In 2006, the state made more in taxes on health insurance than the combined in-state profits of all insurance companies.

Currently, Dirigo Health administration costs taxpayers $3.3 million a month. In its first full fiscal year, Dirigo Health Agency had net costs of $13 million, $21.7 million in the second year and over $37 million in the third year.

The $32.8 million in Dirigo "savings" in its third year follows $43.7 million in "savings" in the first year and $34.3 million in "savings" in the second year. Unbelievably, Dirigo Health is saving less despite costing taxpayers more.

In fact, the very thing that Dirigo Health spent the vast majority of funds on -- the DirigoChoice insurance product -- produced the least amount of documented savings.

In fiscal year 2007, Dirigo Health spent over $30 million on Dirigo Choice, after deducting employer-paid premiums and net employee contributions. And the superintendent calculated that this $30 million expenditure resulted in less than $3 million in savings.

The net savings was an unimpressive 10 cents for every dollar spent.

All other savings were attributed to funding in the Medicaid programs and hospitals voluntarily limiting cost increases, with no help from the state in doing so.

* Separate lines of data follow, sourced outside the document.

Lemma dimv_le (U : {vspace pt}) : (\dim U <= n)%N.
Proof. by have := dimvS (subvf U); rewrite dimvf /dim /= mul1n. Qed.

Lemma dimv_full (U : {vspace pt}) : (n <= \dim U)%N -> U = fullv.
Proof. by move=> U_ge; apply/eqP; rewrite eqEdim subvf dimvf /dim /= mul1n. Qed.

Lemma dimv_ltD (U V : {vspace pt}) : ~~ (V <= U)%VS -> (\dim U < \dim (U + V))%N.
Proof. by rewrite (ltn_leqif (dimv_leqif_sup (addvSl U V))) subv_add subvv. Qed.

Lemma exists_notin_subspace (S : {fset pt}) (U : {vspace pt}) :
  fspan S = fullv -> (\dim U < n)%N -> exists2 x, x \in S & x \notin U.
Proof.
move=> spanS dimU; apply: NNPP => noS.
have : (fspan S <= U)%VS.
  by apply/span_subvP => x xS; apply: NNPP => /negP xU; apply: noS; exists x.
by rewrite spanS => /dimvS; rewrite dimvf /dim /= mul1n leqNgt dimU.
Qed.

Lemma le_big_fset (T : {fset pt}) (f : pt -> R) v : v \in T ->
  (forall u, u \in T -> 0 <= f u) -> f v <= \sum_(u <- T) f u.
Proof.
move=> vT f_ge0; rewrite (big_fsetD1 v vT) /= lerDl big_seq sumr_ge0 // => u.
by rewrite in_fsetD1 => /andP[_ /f_ge0].
Qed.

Lemma exists_small_multiple (x : pt) (e : R) : 0 < e ->
  exists2 c, 0 < c & forall i, `|(c *: x) ord0 i| < e.
Proof.
move=> e_gt0; set s := \sum_j `|x ord0 j|.
have s_ge0 : 0 <= s by rewrite sumr_ge0.
have c_gt0 : 0 < e / (1 + s) by rewrite divr_gt0 // ltr_pwDl.
exists (e / (1 + s)) => // i; rewrite mxE normrM (gtr0_norm c_gt0).
have xi_le : `|x ord0 i| <= s by rewrite /s (bigD1 i) //= lerDl sumr_ge0.
apply: le_lt_trans (ler_wpM2l (ltW c_gt0) xi_le) _.
by rewrite mulrAC ltr_pdivrMr ?ltr_pwDl // mulrDr mulr1; lra.
Qed.

Lemma surrounds_full_span (S : {fset pt}) : surrounds S -> fspan S = fullv.
Proof.
move=> [e e_gt0 convS]; apply/eqP; rewrite eqEsubv subvf /=; apply/subvP => x _.
have [c c_gt0 small] := exists_small_multiple x e_gt0.
have [w [_ [_ wS]]] := convS _ small.
have cxS : c *: x \in fspan S by rewrite -wS fspan_sum.
by move/(memvZ c^-1): cxS; rewrite scalerA mulVf ?scale1r ?gt_eqF.
Qed.

Lemma surrounds_posdep (S : {fset pt}) : surrounds S -> posdep S.
Proof.
move=> [e e_gt0 convS]; apply: posdep_of_nonneg_deps => v vS.
have [c c_gt0 small] := exists_small_multiple (- v) e_gt0.
have [w [w_ge0 [_ wS]]] := convS _ small.
exists (fun u => w u + (if u \in [fset v] then c else 0)); split.
- by move=> u uS; rewrite addr_ge0 ?w_ge0 //; case: ifP => _ //; apply: ltW.
- under eq_bigr do rewrite scalerDl.
  by rewrite big_split /= wS sum_scale_if ?fsub1set // big_seq_fset1 scalerN addNr.
- by rewrite inE eqxx ltr_wpDl ?w_ge0.
Qed.

Lemma posdep_ge1 (T : {fset pt}) : posdep T ->
  exists w : pt -> R, (forall v, v \in T -> 1 <= w v) /\ \sum_(v <- T) w v *: v = 0.
Proof.
move=> [l [l_gt0 lT]]; have [m m_gt0 m_le] := seq_pos_lbound l_gt0.
exists (fun v => l v / m); split; first by move=> v vT; rewrite ler_pdivlMr ?mul1r ?m_le.
by under eq_bigr do rewrite mulrC -scalerA; rewrite -scaler_sumr lT scaler0.
Qed.

Lemma fcoord_small (T : {fset pt}) (d : R) : 0 < d -> exists2 e, 0 < e &
  forall x : pt, (forall i, `|x ord0 i| < e) -> forall v, v \in T -> `|fcoord T v x| <= d.
Proof.
move=> d_gt0; pose K := \sum_(v <- T) \sum_j `|fcoord T v (delta_mx ord0 j)|.
have K_ge0 : 0 <= K by apply: sumr_ge0 => v _; apply: sumr_ge0.
have e_gt0 : 0 < d / (K + 1) by rewrite divr_gt0 // ltr_wpDl.
exists (d / (K + 1)) => // x small v vT.
apply: le_trans (@fcoord_bound T v x _ (fun i => ltW (small i))) _.
have Kv_le : \sum_j `|fcoord T v (delta_mx ord0 j)| <= K.
  apply: (le_big_fset (f := fun u => \sum_j `|fcoord T u (delta_mx ord0 j)|) vT).
  by move=> u _; rewrite sumr_ge0.
apply: le_trans (ler_wpM2l (ltW e_gt0) Kv_le) _.
by rewrite mulrAC ler_pdivrMr ?ltr_wpDl // ler_pM2l // lerDl.
Qed.

Lemma posdep_surrounds_in_span (T : {fset pt}) : posdep T -> T != fset0 ->
  surrounds_in_span T.
Proof.
move=> /posdep_ge1 [l [l_ge1 lT]] /fset0Pn [v0 v0T].
pose L := \sum_(v <- T) l v; pose N := \sum_(v <- T) (1 : R).
have L_ge1 : 1 <= L.
  apply: le_trans (l_ge1 _ v0T) _; apply: (le_big_fset (f := l) v0T) => v /l_ge1.
  exact: le_trans.
have N_ge0 : 0 <= N by rewrite sumr_ge0.
(* Coordinates of size at most [d] are absorbed by adding [t * l] with [t >= d]. *)
pose d := (N + L)^-1.
have d_gt0 : 0 < d by rewrite invr_gt0; lra.
have dNL : d * N + d * L = 1 by rewrite -mulrDr mulVf // gt_eqF //; lra.
have [e e_gt0 small] := fcoord_small T d_gt0.
exists e => // x /fspanP xT /small c_le.
pose c v := fcoord T v x.
have sum_c : \sum_(v <- T) c v <= d * N.
  rewrite /N mulr_sumr big_seq [leRHS]big_seq; apply: ler_sum => v vT.
  by rewrite mulr1; apply: le_trans (ler_norm _) (c_le v vT).
pose t := (1 - \sum_(v <- T) c v) / L.
have d_le_t : d <= t.
  have dL_le : d * L <= 1 - \sum_(v <- T) c v by lra.
  by rewrite /t ler_pdivlMr //; lra.
exists (fun v => c v + t * l v); split; last split.
- move=> v vT; have := c_le v vT; rewrite ler_norml -/(c v) => /andP[c_ge _].
  have : t <= t * l v.
    by rewrite -{1}(mulr1 t) ler_pM2l ?l_ge1 //; apply: lt_le_trans d_le_t.
  move: d_le_t c_ge; lra.
- rewrite big_split /= -mulr_sumr -/L /t mulfVK; first by rewrite addrC subrK.
  by rewrite gt_eqF //; lra.
- under eq_bigr do rewrite scalerDl -scalerA.
  by rewrite big_split /= fcoordK // -scaler_sumr lT scaler0 addr0.
Qed.

Lemma posdep_surrounds (T : {fset pt}) : (0 < n)%N -> posdep T -> fspan T = fullv ->
  surrounds T.
Proof.
move=> n_gt0 pT spanT; have T_neq0 : T != fset0.
  apply: contraTneq n_gt0 => T0; have := dim_span (enum_fset T).
  by rewrite spanT dimvf /dim /= mul1n T0 cardfs0 leqn0 => /eqP ->.
have [e e_gt0 convT] := posdep_surrounds_in_span pT T_neq0.
by exists e => // x; apply: convT; apply/fspanP; rewrite spanT memvf.
Qed.

Lemma minimal_posdep_eq (S T : {fset pt}) : (0 < n)%N -> minimally_surrounds S ->
  T `<=` S -> posdep T -> fspan T = fullv -> T = S.
Proof.
move=> n_gt0 [_ minS] TS pT spanT; apply: NNPP => /eqP TS'.
by apply: (minS T); [rewrite fproperEneq TS' TS | apply: posdep_surrounds].
Qed.

Lemma exists_pos_of_sum0 (T : {fset pt}) (w : pt -> R) u : u \in T -> w u != 0 ->
  \sum_(v <- T) w v = 0 -> exists2 v, v \in T & 0 < w v.
Proof.
move=> uT wu0 wT; apply: NNPP => no_pos.
have w_le0 v : v \in T -> 0 <= - w v.
  by move=> vT; rewrite oppr_ge0 leNgt; apply/negP => ?; apply: no_pos; exists v.
have /eqP := wT; rewrite -oppr_eq0 -sumrN big_seq psumr_eq0 => [/allP/(_ u uT)|].
  by rewrite uT oppr_eq0 (negbTE wu0).
exact: w_le0.
Qed.

(* Moving along a dependence [w] until the first coefficient of the positive
   dependence vanishes keeps every point where [w] is nonpositive. *)
Lemma posdep_shrink (T : {fset pt}) (w : pt -> R) : posdep T ->
  \sum_(v <- T) w v *: v = 0 -> (exists2 u, u \in T & 0 < w u) ->
  exists T', [/\ T' `<` T, posdep T' & forall v, v \in T -> w v <= 0 -> v \in T'].
Proof.
move=> [l [l_gt0 lT]] wT [u uT wu_gt0].
have [|u0 [u0T wu0_gt0] u0_min] := seq_argmin_pred (s := enum_fset T)
  (P := fun v => 0 < w v) (fun v => l v / w v); first by apply/hasP; exists u.
pose t := l u0 / w u0.
have t_gt0 : 0 < t by rewrite divr_gt0 // l_gt0.
pose mu v := l v - t * w v.
have mu_ge0 v : v \in T -> 0 <= mu v.
  move=> vT; rewrite subr_ge0; case: (ltrP 0 (w v)) => wv.
    by rewrite -ler_pdivlMr // u0_min.
  by apply: le_trans (ltW (l_gt0 _ vT)); rewrite pmulr_rle0.
have muT : \sum_(v <- T) mu v *: v = 0.
  under eq_bigr do rewrite /mu scalerBl -scalerA.
  by rewrite sumrB -scaler_sumr lT wT scaler0 subr0.
exists (support T mu); split.
- rewrite fproperEneq support_sub andbT; apply/eqP => /fsetP/(_ u0).
  by rewrite !inE u0T /= /mu /t divfK ?subrr ?eqxx // gt_eqF.
- exact: posdep_support.
- move=> v vT wv_le0; rewrite !inE vT /= /mu gt_eqF //.
  by rewrite subr_gt0; apply: le_lt_trans (l_gt0 _ vT); rewrite pmulr_rle0.
Qed.

Definition pos_circuit (C : {fset pt}) : Prop :=
  [/\ C != fset0, posdep C & affinely_independent C].

Lemma posdep_circuit_cover (T : {fset pt}) v : posdep T -> v \in T ->
  exists C, [/\ C `<=` T, pos_circuit C & v \in C].
Proof.
move: {2}#|` T| (leqnn #|` T|) => k; elim: k T v => [|k IH] T v Tk pT vT.
  by move: Tk; rewrite leqn0 cardfs_eq0 => /eqP T0; rewrite T0 inE in vT.
have [indepT|/not_all_ex_not[w]] := classic (affinely_independent T).
  by exists T; split => //; split => //; apply/fset0Pn; exists v.
move=> /not_all_ex_not[wT] /not_all_ex_not[w1] /not_all_ex_not[u] /not_all_ex_not[uT wu0].
have [T' [T'T pT' vT']] : exists T', [/\ T' `<` T, posdep T' & v \in T'].
  have [wv_le0|wv_gt0] := lerP (w v) 0.
    have w_pos := exists_pos_of_sum0 uT (introN eqP wu0) w1.
    have [T' [? ? sub]] := posdep_shrink pT wT w_pos.
    by exists T'; split => //; apply: sub.
  have w'T : \sum_(v <- T) (- w v) *: v = 0.
    by under eq_bigr do rewrite scaleNr; rewrite sumrN wT oppr0.
  have w'1 : \sum_(v <- T) - w v = 0 by rewrite sumrN w1 oppr0.
  have [|T' [? ? sub]] := posdep_shrink pT w'T.
    by apply: (exists_pos_of_sum0 uT _ w'1); rewrite oppr_eq0; apply/eqP.
  by exists T'; split => //; apply: sub; rewrite // oppr_le0 ltW.
have T'k : (#|` T'| <= k)%N by rewrite -ltnS (leq_trans (fproper_ltn_card T'T)).
have [C [CT' ? ?]] := IH T' v T'k pT' vT'.
by exists C; split => //; apply: fsubset_trans CT' (fproper_sub T'T).
Qed.

Lemma pos_circuit_lin_independent (C D : {fset pt}) : pos_circuit C -> D `<` C ->
  lin_independent D.
Proof.
move=> [_ [l [l_gt0 lC]] indepC] DC w wD v vD.
pose w' v := if v \in D then w v else 0.
have w'C : \sum_(v <- C) w' v *: v = 0 by rewrite sum_scale_if ?fproper_sub.
have w'1 : \sum_(v <- C) w' v = \sum_(v <- D) w v by rewrite big_fset_if ?fproper_sub.
have vC : v \in C by apply: (fsubsetP (fproper_sub DC)).
have [s0|s_neq0] := eqVneq (\sum_(v <- D) w v) 0.
  by have := indepC w' w'C (etrans w'1 s0) v vC; rewrite /w' vD.
(* Otherwise [w / s - l / L] is an affine dependence of [C] that does not vanish
   at a point of [C] outside [D]. *)
have /fsubsetPn [c cC cD] : ~~ (C `<=` D).
  by apply: contraTN DC => CD; rewrite fproperE CD andbF.
pose L := \sum_(v <- C) l v.
have L_gt0 : 0 < L.
  apply: lt_le_trans (l_gt0 _ cC) _; apply: (le_big_fset (f := l) cC) => u.
  by move/l_gt0/ltW.
pose a x := w' x / (\sum_(v <- D) w v) - l x / L.
have aC : \sum_(v <- C) a v *: v = 0.
  under eq_bigr do rewrite /a scalerBl mulrC -scalerA [l _ / L]mulrC -scalerA.
  by rewrite sumrB -!scaler_sumr w'C lC !scaler0 subr0.
have a1 : \sum_(v <- C) a v = 0.
  by rewrite /a sumrB -!mulr_suml w'1 -/L !mulfV // ?subrr // gt_eqF.
have := indepC a aC a1 c cC; rewrite /a /w' (negbTE cD) mul0r sub0r => /eqP.
by rewrite oppr_eq0 mulf_eq0 invr_eq0 !gt_eqF ?l_gt0.
Qed.

Lemma fspan_circuitD1 (C : {fset pt}) c : pos_circuit C -> c \in C ->
  fspan (C `\ c) = fspan C.
Proof.
move=> [_ [l [l_gt0 lC]] _] cC; apply/eqP; rewrite eqEsubv fspanS ?fsubD1set //=.
apply/span_subvP => x xC; have [->|xc] := eqVneq x c; last first.
  by rewrite memv_span // in_fsetD1 xc.
move: lC; rewrite (big_fsetD1 c cC) /= => /eqP; rewrite addr_eq0 => /eqP lc.
have : (l c)^-1 *: (l c *: c) \in fspan (C `\ c) by rewrite memvZ // lc memvN fspan_sum.
by rewrite scalerA mulVf ?scale1r // gt_eqF ?l_gt0.
Qed.

Lemma dim_fspan_circuit (C : {fset pt}) : pos_circuit C -> \dim (fspan C) = (#|` C|).-1.
Proof.
move=> circC; have [/fset0Pn [c cC] _ _] := circC.
rewrite -(fspan_circuitD1 circC cC) dim_fspan_lin_independent.
  by rewrite [in RHS](cardfsD1 c) cC.
exact: pos_circuit_lin_independent circC (fproperD1 cC).
Qed.

Lemma fspan_circuit_sub (C D : {fset pt}) : pos_circuit C -> D `<=` C ->
  (#|` C| <= (#|` D|).+1)%N -> fspan D = fspan C.
Proof.
move=> circC DC C_le; have [->//|D_neq] := eqVneq D C.
have DC' : D `<` C by rewrite fproperEneq D_neq DC.
apply/eqP; rewrite eqEdim fspanS //= dim_fspan_circuit //.
rewrite (dim_fspan_lin_independent (pos_circuit_lin_independent circC DC')).
by rewrite -subn1 leq_subLR add1n.
Qed.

In 2003, when Dirigo Health was passed with the promise of eliminating all uninsured by 2009, Maine had 128,000 uninsured residents or 10 percent of the population. In 2006, that uninsured figure was 122,000 or 9.3 percent of the population, after $100 million was invested on the Dirigo Health initiative.

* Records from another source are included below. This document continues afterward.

Definition triangulation (n : nat) (T : {set diag n}) : bool :=
  noncrossing T && [forall d, (d \in T) || [exists e in T, crossing d e]].

Definition PhiT (R : realFieldType) (n : nat) (T : {set diag n}) : {ffun diag n -> R} :=
  [ffun d => if d \in T then ((n - 3)%:R)^-1 else 0].

Definition triangs_above (n : nat) (D : {set diag n}) : {set {set diag n}} :=
  [set T : {set diag n} | triangulation T & D \subset T].

Definition PhiD (R : realFieldType) (n : nat) (D : {set diag n}) : {ffun diag n -> R} :=
  [ffun d => (#|triangs_above D|%:R)^-1 * \sum_(T in triangs_above D) PhiT R T d].

Definition is_chain (n : nat) (s : seq {set diag n}) : bool :=
  all (@noncrossing n) s && sorted (fun A B : {set diag n} => A \proper B) s.

Definition comb (R : realFieldType) (n : nat) (s : seq {set diag n}) (a : seq R)
  : {ffun diag n -> R} :=
  [ffun d => \sum_(i < size s) a`_i * PhiD R (nth set0 s i) d].

(* Phi(K_{n-1}): union over chains of the images of the simplices of the
   barycentric subdivision, i.e. convex combinations with a_i >= 0. *)
Definition in_image (R : realFieldType) (n : nat) (x : {ffun diag n -> R}) : Prop :=
  exists (s : seq {set diag n}) (a : seq R),
    [/\ is_chain s, size a = size s, all (fun t => 0 <= t) a,
        \sum_(t <- a) t = 1 & x = comb s a].

From HB Require Import structures.
From mathcomp Require Import all_boot all_order all_algebra.
From mathcomp Require Import zify ring.
Import Order.TTheory GRing.Theory Num.Theory.
Set Implicit Arguments. Unset Strict Implicit. Unset Printing Implicit Defensive.

(* The d-coordinate of Phi(D) is an average of values 0 and 1/(n-3), and it
   equals 1/(n-3) exactly when d belongs to D: every noncrossing D extends to a
   triangulation, and when d is not in D some triangulation containing D avoids
   d, because some diagonal crossing d is compatible with D (the flip of d).
   Hence for a positive combination x of a chain D_0 < ... < D_m with total
   weight S, the deficit S/(n-3) - x vanishes exactly on D_0, so x determines
   D_0; at a diagonal of D_1 \ D_0 the deficit is a_0 times a positive number,
   which pins down a_0, and induction along the chain gives uniqueness.
   Existence just discards the zero coefficients of any representation. *)

Definition interleaved (a b c d : nat) : Prop :=
  (a < c /\ c < b /\ b < d)%N \/ (c < a /\ a < d /\ d < b)%N.

Definition fwd_dist (n j v : nat) : nat := if (j < v)%N then v - j else v + n - j.

(* A chord pq crossing kl but neither ik nor il must end at i, with its other
   end strictly between k and l on the side of j. *)
Lemma interleaved_flip (n i j k l p q : nat) :
  (i < k < j)%N -> (j < l \/ l < i)%N -> (j < n)%N -> (l < n)%N -> (p < q)%N -> (q < n)%N ->
  ~ interleaved i k p q -> ~ interleaved (minn i l) (maxn i l) p q ->
  interleaved (minn k l) (maxn k l) p q ->
  p = i /\ (k < q)%N /\ (q < j)%N \/ p = i /\ q = j \/
  p = i /\ (j < q)%N /\ (fwd_dist n j q < fwd_dist n j l)%N \/
  q = i /\ (p < i)%N /\ (fwd_dist n j p < fwd_dist n j l)%N.
Proof.
rewrite /interleaved /fwd_dist => /andP[? ?] [hl|hl] ? ? ? ?.
- have -> : minn i l = i by lia.
  have -> : maxn i l = l by lia.
  have -> : minn k l = k by lia.
  have -> : maxn k l = l by lia.
  by case: ifP => ?; case: ifP => ?; case: ifP => ?; lia.
- have -> : minn i l = l by lia.
  have -> : maxn i l = i by lia.
  have -> : minn k l = l by lia.
  have -> : maxn k l = k by lia.
  by case: ifP => ?; case: ifP => ?; case: ifP => ?; lia.
Qed.

Section Diagonals.
Variable n : nat.
Implicit Types (d e : diag n) (D T : {set diag n}) (s : seq {set diag n}).

Lemma crossingE d e :
  crossing d e <-> interleaved (val d).1 (val d).2 (val e).1 (val e).2.
Proof.
rewrite /crossing /interleaved; split.
  by case/orP => /and3P[h1 h2 h3]; [left|right].
by case=> [[h1 [h2 h3]]|[h1 [h2 h3]]]; apply/orP; [left|right]; apply/and3P.
Qed.

Lemma crossingC d e : crossing d e = crossing e d.
Proof. by rewrite /crossing orbC. Qed.

Lemma crossingxx d : ~~ crossing d d.
Proof. by apply/negP => /crossingE; rewrite /interleaved; lia. Qed.

Lemma noncrossingP D :
  reflect {in D &, forall d e, ~~ crossing d e} (noncrossing D).
Proof.
apply: (iffP forall_inP) => [nc d e dD eD | nc d dD].
  by move/forall_inP: (nc d dD); apply.
by apply/forall_inP => e eD; apply: nc.
Qed.

Lemma noncrossingU1 D d : noncrossing D ->
  {in D, forall e, ~~ crossing d e} -> noncrossing (d |: D).
Proof.
move=> /noncrossingP nc cd; apply/noncrossingP => x y.
rewrite !in_setU1 => /orP[/eqP->|xD] /orP[/eqP->|yD].
- exact: crossingxx.
- exact: cd.
- by rewrite crossingC cd.
- exact: nc.
Qed.

Lemma crossing_notin T d e :
  noncrossing T -> e \in T -> crossing d e -> d \notin T.
Proof.
by move=> /noncrossingP nc eT cr; apply/negP => dT; move: (nc d e dT eT); rewrite cr.
Qed.

Lemma maxset_triangulation T : maxset (@noncrossing n) T -> triangulation T.
Proof.
case/maxsetP=> ncT maxT; rewrite /triangulation ncT; apply/forallP => d.
case dT: (d \in T) => //=; apply: contraFT dT => /existsPn ncd.
have ncdT : noncrossing (d |: T).
  by apply: noncrossingU1 => // e eT; move: (ncd e); rewrite eT.
by rewrite -(maxT _ ncdT (subsetUr _ _)) setU11.
Qed.

Lemma triangulation_exists D : noncrossing D ->
  exists2 T, triangulation T & D \subset T.
Proof.
by case/maxset_exists=> T /maxset_triangulation hT sDT; exists T.
Qed.

Definition has_diag D (a b : nat) : bool :=
  [exists e in D, ((val e).1 == a :> nat) && ((val e).2 == b :> nat)].

Lemma has_diag_mem D e : e \in D -> has_diag D (val e).1 (val e).2.
Proof. by move=> eD; apply/exists_inP; exists e; rewrite ?eqxx. Qed.

Lemma has_diag_compatible D a b e : noncrossing D -> has_diag D a b -> e \in D ->
  ~ interleaved a b (val e).1 (val e).2.
Proof.
move=> /noncrossingP nc /exists_inP[e' e'D /andP[/eqP <- /eqP <-]] eD.
by move/crossingE; apply/negP: (nc e' e e'D eD).
Qed.

Lemma inner_neighbor D (i j : nat) : noncrossing D -> (i.+1 < j)%N -> (j < n)%N ->
  exists k, [/\ (i < k < j)%N,
    forall v, (i < v < j)%N -> has_diag D i v -> (v <= k)%N &
    {in D, forall e, ~ interleaved i k (val e).1 (val e).2}].
Proof.
move=> ncD lt_ij lt_jn; have lt_in : (i.+1 < n)%N by lia.
(* The boundary edge {i, i+1} is the fallback neighbour. *)
pose P (v : 'I_n) := (v == i.+1 :> nat) || [&& (i < v)%N, (v < j)%N & has_diag D i v].
have [|k Pk k_max] := @arg_maxnP _ (Ordinal lt_in) P val; first by rewrite /P eqxx.
exists k; split.
- by case/orP: Pk => [/eqP->|/and3P[? ? _]]; apply/andP; split; lia.
- move=> v /andP[iv vj] hv; have vn : (v < n)%N by lia.
  by apply: (k_max (Ordinal vn)); rewrite /P /= iv vj hv orbT.
- move=> e eD; case/orP: Pk => [/eqP->|/and3P[_ _ hk]].
    by rewrite /interleaved; lia.
  exact: has_diag_compatible hk eD.
Qed.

In fact, Maine's flat uninsured rate mirrors U.S. trends for the similar national population.

There is an alternative: Maine government can do more to make private health insurance more accessible and more affordable to its residents.

First, Maine can give Mainers and small businesses access to the same affordable health insurance plans available in other New England states.

For example, almost half of all uninsured adults in Maine are between the ages of 18 and 34 and in good health.

In New Hampshire or Connecticut, these young immortals have access to individual health insurance plans for as little as $100- $200 a month for a comprehensive policy.

In Maine, a similar $1,000 deductible plan costs over $700 a month, with an 18 percent increase scheduled for next year.

Second, Maine can stop taxing health premiums and health care, which increases costs by 4 percent or more.

Taxing something does not make it more affordable, it makes it more expensive.